The elephant in the room on this subject, not addressed by these authors, is public perception.  It is far easier to justify a program which supervises methadone doses for a population who, by definition, have lost some control over their drug use.  As these authors state at the start of their article: Supervision ensures that patients take their medication as prescribed and prevents illicit drug diversion [sic]. Daily supervised treatment (often with one take-home dose for Sunday) is the proven standard for treatment induction, as long as there is no contraindication (homelessness, actively using family members, current psychosis, acute concurrent alcoholism, etc where even Sunday supervision is advised where possible). 
 
As in other fields of medicine all decisions should be reviewed in light of the patients response to treatment, in this case, judged by attendance, self-report, physical examination of veins, pupils, etc and urine or blood testing.  Most patients can be successfully treated by second or third daily attendance within the first year in our experience (meaning 3 to 5 take-home doses weekly).  Increased supervision occasionally has to be reintroduced if the clinician and or the patient finds their control is again being lost.  Others can move to less frequent attendance before leaving treatment after sufficient time on reducing dose schedules when this is tolerated. 
 
Another canard is prison entry.  For an inmate on supervised treatment a dose, any dose level can confidently be administered on receipt of written confirmation of last-dose and ID information from the community pharmacy or clinic.  For non-supervised patients however, prison medical staff are obliged to follow induction protocols in the case of a patient who might not be taking all of their daily doses.  In such a case even a single dose could be fatal (~70mg is considered a lethal dose in non-dependent adults where the average dose on most well run programs is higher than this). 
 
 
Comments by Andrew Byrne ..
 
Declaration of potential conflict of interest: Dr Byrnes clinic charges a fee for supervising the administration of methadone and buprenorphine. 
 
References:
 
Holland R, Matheson C, Anthony G, Roberts K, Priyardarshi S, Macrae A, Whitelaw E, Appavoo S, Bond C. A pilot randomised controlled trial of brief versus twice weekly versus standard supervised consumption in patients on opiate maintenance treatment.
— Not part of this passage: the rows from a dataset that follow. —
(* [p z <> 0] and continuity give [p^2 >= (|p z| / 2)^2] on a small box around
   [z]; boundedness of [S] and of [p] on [S] keep the integral finite. *)
Lemma iint_indic_sqr_gt0 m (S : set 'rV[R]_m) (p : 'rV[R]_m -> R) (B K : R)
    (z : 'rV[R]_m) :
  0 <= B -> (forall y, S y -> forall i, `|y 0 i| <= B) ->
  (forall y, S y -> `|p y| <= K) ->
  {for z, continuous p} -> p z != 0 ->
  (exists2 r : R, 0 < r &
     forall y : 'rV[R]_m, (forall i, `|y 0 i - z 0 i| <= r) -> S y) ->
  0 < iint (fun y => \1_S y * (p y * p y)).
Proof.
move=> B0 SB pK pc pz [r2 r20 hr2].
pose e := `|p z| / 2.
have e0 : 0 < e by rewrite divr_gt0 // normr_gt0.
have [r1 r10 hr1] := continuous_box pc e0.
pose r := Num.min r1 r2.
have r0 : 0 < r by rewrite lt_min r10 r20.
have K0 : 0 <= K by apply: le_trans (pK z (hr2 z _)) => // i; rewrite subrr normr0 ltW.
have p2_ge0 y : 0 <= p y * p y by rewrite -expr2 sqr_ge0.
suff /andP[lb _] : e * e * (r *+ 2) ^+ m <= iint (fun y => \1_S y * (p y * p y))
    <= K * K * (B *+ 2) ^+ m.
  by apply: lt_le_trans lb; rewrite mulr_gt0 ?exprn_gt0 ?mulrn_wgt0 // mulr_gt0.
apply: (@iint_box_bounds R m _ _ B _ _ (fun i => z 0 i - r)) => //.
- by rewrite mulr_ge0 // ltW.
- by rewrite mulrn_wge0 // ltW.
- move=> y; rewrite indicE; case: (y \in S); rewrite ?mul1r ?mul0r //.
- move=> y; rewrite indicE; have [/set_mem Sy|_] := boolP (y \in S).
    by rewrite mul1r (le_trans (ler_norm _)) // normrM ler_pM // pK.
  by rewrite mul0r mulr_ge0.
- move=> y [i Bi]; rewrite indicE; have [/set_mem Sy|_] := boolP (y \in S).
    by have := SB y Sy i; rewrite leNgt Bi.
  by rewrite mul0r.
move=> y yz.
have {}yz i : `|y 0 i - z 0 i| <= r.
  by have /andP[] := yz i; rewrite ler_norml => *; apply/andP; split; lra.
have r_r1 : r <= r1 by rewrite ge_min lexx.
have r_r2 : r <= r2 by rewrite ge_min lexx orbT.
have Sy : S y by apply: hr2 => i; apply: le_trans (yz i) r_r2.
have := hr1 y (fun i => le_trans (yz i) r_r1).
have := ler_normD (p y) (p z - p y); rewrite addrC subrK distrC.
have pzE : `|p z| = e * 2 by rewrite /e divfK.
move=> h1 h2; have ey : e <= `|p y| by clearbody e; lra.
rewrite indicE mem_set // mul1r -[p y * p y]ger0_norm // normrM.
by apply: ler_pM => //; apply: ltW.
Qed.

End PositiveIntegral.

Section EuclideanNorm.
Variable R : realType.

Lemma enorm0 m : enorm (0 : 'rV[R]_m) = 0.
Proof. by rewrite /enorm /edot big1 ?sqrtr0 // => i _; rewrite mxE mul0r. Qed.

Lemma coord_le_enorm m (x : 'rV[R]_m) i : `|x 0 i| <= enorm x.
Proof.
rewrite /enorm -sqrtr_sqr ler_wsqrtr // /edot (bigD1 i) //= expr2 lerDl.
by apply: sumr_ge0 => j _; rewrite -expr2 sqr_ge0.
Qed.

Lemma enorm_le_l1 m (x : 'rV[R]_m) : enorm x <= \sum_i `|x 0 i|.
Proof.
have S0 : 0 <= \sum_i `|x 0 i| by apply: sumr_ge0.
rewrite -(ger0_norm S0) -sqrtr_sqr ler_wsqrtr // expr2 {1}/edot mulr_suml.
apply: ler_sum => i _; apply: le_trans (ler_norm _) _; rewrite normrM.
by apply: ler_wpM2l => //; rewrite (bigD1 i) //= lerDl sumr_ge0.
Qed.

Lemma enorm_ball_box m (c z : 'rV[R]_m) e : \sum_j `|z 0 j - c 0 j| < e ->
  exists2 r : R, 0 < r & forall y : 'rV[R]_m,
    (forall j, `|y 0 j - z 0 j| <= r) -> enorm (y - c) < e.
Proof.
set D := \sum_j _ => De; pose r := (e - D) / (m.+1)%:R.
have r0 : 0 < r by rewrite divr_gt0 ?subr_gt0.
exists r => // y yz; apply: le_lt_trans (enorm_le_l1 _) _.
have : \sum_j `|(y - c) 0 j| <= r * m%:R + D.
  rewrite -[r * m%:R](_ : \sum_(j < m) r = _); last by rewrite sumr_const card_ord mulr_natr.
  rewrite /D -big_split; apply: ler_sum => j _ /=.
  by rewrite !mxE -[y 0 j](subrK (z 0 j)) -addrA (le_trans (ler_normD _ _)) // lerD.
have : r * m%:R < e - D.
  by rewrite /r mulrAC ltr_pdivrMr ?ltr0Sn // ltr_pM2l ?subr_gt0 // ltr_nat.
lra.
Qed.

End EuclideanNorm.

Section AffineFaces.
Variable R : realType.

Lemma affine_coord_continuous m n (o : 'rV[R]_n) (fr : 'M[R]_(m, n)) j (z : 'rV[R]_m) :
  {for z, continuous (fun t : 'rV[R]_m => (o + t *m fr) 0 j)}.
Proof.
rewrite (_ : (fun t => _) = fun t : 'rV[R]_m => o 0 j + \sum_k t 0 k * fr k j); last first.
  by apply/funext => t; rewrite !mxE.
apply: continuousD; first exact: cst_continuous.
apply: continuous_sum => k; apply: continuousM; first exact: coord_continuous.
exact: cst_continuous.
Qed.

Lemma orthonormal_param_bounded m n (o : 'rV[R]_n) (fr : 'M[R]_(m, n))
    (Fs : set 'rV[R]_n) M :
  0 <= M -> fr *m fr^T = 1%:M -> (forall x, Fs x -> forall k, `|x 0 k| <= M) ->
  exists2 B : R, 0 <= B &
    forall y : 'rV[R]_m, Fs (o + y *m fr) -> forall j, `|y 0 j| <= B.
Proof.
move=> M0 orth FM; pose b j := \sum_k (M + `|o 0 k|) * `|fr j k|.
have b0 j : 0 <= b j by apply: sumr_ge0 => k _; rewrite mulr_ge0 // addr_ge0.
exists (\sum_j b j) => [|y Fy j]; first exact: sumr_ge0.
apply: le_trans (_ : b j <= _); last by rewrite (bigD1 j) //= lerDl sumr_ge0.
have -> : y = (o + y *m fr - o) *m fr^T by rewrite addrC addKr -mulmxA orth mulmx1.
move: (o + y *m fr) Fy => X FX; rewrite mxE.
apply: le_trans (ler_norm_sum _ _ _) _; apply: ler_sum => k _.
rewrite normrM !mxE; apply: ler_wpM2r => //.
by apply: le_trans (ler_normD _ _) _; rewrite normrN lerD // FM.
Qed.

(* The candidate parameters [rho / (j + 1)] are [size P] distinct numbers,
   too many to all be roots of the nonzero polynomial [P] of the segment. *)
Lemma poly_fun_segment_nonroot n l (q : 'rV[R]_n -> R) (x0 x : 'rV[R]_n) rho :
  poly_fun l q -> q x != 0 -> 0 < rho ->
  exists2 t : R, 0 < t <= rho & q (x0 + t *: (x - x0)) != 0.
Proof.
move=> ql qx rho0; have [P PE] := poly_fun_line x0 (x - x0) ql.
have P1 : P.[1] != 0 by rewrite -PE scale1r addrC subrK.
have P0 : P != 0 by apply: contraNneq P1 => ->; rewrite horner0.
pose ts := [seq rho / (j.+1)%:R | j <- iota 0 (size P)].
have /hasP [_ /mapP [j _ ->] Pt] : has (predC (root P)) ts.
  rewrite has_predC; apply/negP => ts_roots.
  have ts_uniq : uniq ts.
    rewrite map_inj_uniq ?iota_uniq // => a b /(mulfI (lt0r_neq0 rho0)) /invr_inj.
    by move=> /eqP; rewrite eqr_nat eqSS => /eqP.
  by have := max_poly_roots P0 ts_roots ts_uniq; rewrite size_map size_iota ltnn.
exists (rho / (j.+1)%:R); last by rewrite PE.
rewrite divr_gt0 ?ltr0Sn //= ler_pdivrMr ?ltr0Sn // ler_peMr ?ler1n //; exact: ltW.
Qed.

Lemma face_iint_sqr_eq0 m n (o : 'rV[R]_n) (fr : 'M[R]_(m, n)) (Fs : set 'rV[R]_n)
    (q : 'rV[R]_n -> R) l M :
  poly_fun l q -> 0 <= M -> fr *m fr^T = 1%:M ->
  (forall x, Fs x -> forall k, `|x 0 k| <= M) ->
  (forall x, Fs x -> exists y, x = o + y *m fr) ->
  (exists x0, exists2 e0 : R, 0 < e0 &
     forall y : 'rV[R]_m, enorm y < e0 -> Fs (x0 + y *m fr)) ->
  iint (fun y => \1_Fs (o + y *m fr) * (q (o + y *m fr) * q (o + y *m fr))) = 0 ->
  forall x, Fs x -> q x = 0.
Proof.
move=> ql M0 orth FM Fpl [x0 [e0 e00 Fball]] H0 x Fx; apply/eqP; apply: contraT => qx.
have [y0 x0E] : exists y0, x0 = o + y0 *m fr.
  by apply: Fpl; have := Fball 0; rewrite enorm0 mul0mx addr0; apply.
have [y1 xE] := Fpl x Fx.
pose D := \sum_j `|y1 0 j - y0 0 j|.
have D0 : 0 <= D by apply: sumr_ge0.
have rho0 : 0 < e0 / (D + 1) by rewrite divr_gt0 // ltr_pwDr.
have [t /andP[t0 t_rho] qt] := poly_fun_segment_nonroot x0 ql qx rho0.
pose z := y0 + t *: (y1 - y0).
have zE : o + z *m fr = x0 + t *: (x - x0).
  by rewrite x0E xE /z mulmxDl -scalemxAl mulmxBl addrA opprD addrACA subrr add0r.
have [r r0 box] : exists2 r : R, 0 < r & forall y : 'rV[R]_m,
    (forall j, `|y 0 j - z 0 j| <= r) -> enorm (y - y0) < e0.
  apply: enorm_ball_box; rewrite (_ : \sum_j _ = t * D); last first.
    rewrite mulr_sumr; apply: eq_bigr => j _.
    by rewrite !mxE addrAC subrr add0r normrM gtr0_norm.
  apply: le_lt_trans (ler_wpM2r D0 t_rho) _.
  by rewrite mulrAC ltr_pdivrMr ?ltr_pwDr // ltr_pM2l // ltrDl.
have [B B0 SB] := orthonormal_param_bounded o M0 orth FM.
have [K HK] := poly_fun_bounded ql M0.
have : 0 < iint (fun y => \1_Fs (o + y *m fr) * (q (o + y *m fr) * q (o + y *m fr))).
  rewrite (_ : (fun y => _) = fun y => \1_[set y | Fs (o + y *m fr)] y *
      (q (o + y *m fr) * q (o + y *m fr))); last first.
    by apply/funext => y; rewrite !indicE.
  apply: (iint_indic_sqr_gt0 (z := z) B0 SB (fun y Sy => HK _ (FM _ Sy))).
  - by apply: poly_fun_comp_continuous ql => j; exact: affine_coord_continuous.
  - by rewrite zE.
  by exists r => // y /box /Fball; rewrite x0E mulmxBl -addrA [_ *m fr + _]addrC subrK.
by rewrite H0 ltxx.
Qed.

End AffineFaces.

Section L2Projection.
Variables (R : realType) (m : nat) (X : set 'rV[R]_m) (I : ('rV[R]_m -> R) -> R).

Definition is_L2proj l (f g : 'rV[R]_m -> R) : Prop :=
  poly_fun l g /\ forall q, poly_fun l q -> I (fun x => (f x - g x) * q x) = 0.

Definition L2proj l (f : 'rV[R]_m -> R) : 'rV[R]_m -> R :=
  xget (fun=> 0) [set g | is_L2proj l f g].

Hypothesis I_local : forall f f', (forall x, X x -> f x = f' x) -> I f = I f'.

Lemma L2proj_local l f f' : (forall x, X x -> f x = f' x) -> L2proj l f = L2proj l f'.
Proof.
move=> ff'; rewrite /L2proj; congr xget; apply/funext => g; apply/propext.
have eqI q : I (fun x => (f x - g x) * q x) = I (fun x => (f' x - g x) * q x).
  by apply: I_local => x Xx; rewrite ff'.
by split=> -[gl gq]; split=> // q ql; [rewrite -eqI | rewrite eqI]; exact: gq.
Qed.

Hypothesis I0 : I (fun=> 0) = 0.

Lemma is_L2proj_L2proj l f : poly_fun l f -> is_L2proj l f (L2proj l f).
Proof.
move=> fl; apply: xgetPex; exists f; split=> // q _; rewrite -I0.
by apply: I_local => x _; rewrite subrr mul0r.
Qed.

Hypothesis I_definite : forall l q, poly_fun l q ->
  I (fun x => q x * q x) = 0 -> forall x, X x -> q x = 0.

Lemma L2proj_id l f : poly_fun l f -> forall x, X x -> L2proj l f x = f x.
Proof.
move=> fl x Xx; have [gl gq] := is_L2proj_L2proj fl.
apply/eqP; rewrite eq_sym -subr_eq0; apply/eqP.
by apply: (I_definite (poly_funB fl gl)) => //; exact/gq/poly_funB.
Qed.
D&A Rev 2012 6:483-91
 
Strang J, Sheridan J, Hunt C, Kerr B, Gerada C, Pringle M. The prescribing of methadone and other opioids to addicts: national survey of GPs in England and Wales. Brit J General Practice 2005 55;515: 444-451
 
Rhoades HM, Creson D, Elk R, Schmitz J, Grabowski J.  Retention, HIV Risk, and Illicit Drug Use during Treatment: Methadone Dose and Visit Frequency. 1998 Am J Public Health 88:34-39
 
Novick DM, Joseph H, Salsitz EA, Kalin MF, Keefe JB, Miller EL, Richman BL. Outcomes of Treatment of Socially Rehabilitated Methadone Maintenance Patients in Physician's Offices (Medical Maintenance). J Gen Intern Med. 1994 9:127-30
 
Fudala PJ, Bridge TP, Herbert S, Williford WO, Chiang CN, Jones K, Collins J, Raisch D, Casadonte P, Goldsmith RJ, Ling W, Malkerneker U, McNicholas L, Renner J, Stine S, Tusel D. Office-Based Treatment of Opiate Addiction with a Sublingual-Tablet Formulation of Buprenorphine and Naloxone. NEJM (2003) 349:949-958
 
Drug Misuse and Dependence - Guidelines on Clinical Management. (1999) HMSO Department of Health. Working Group Chair: Strang J.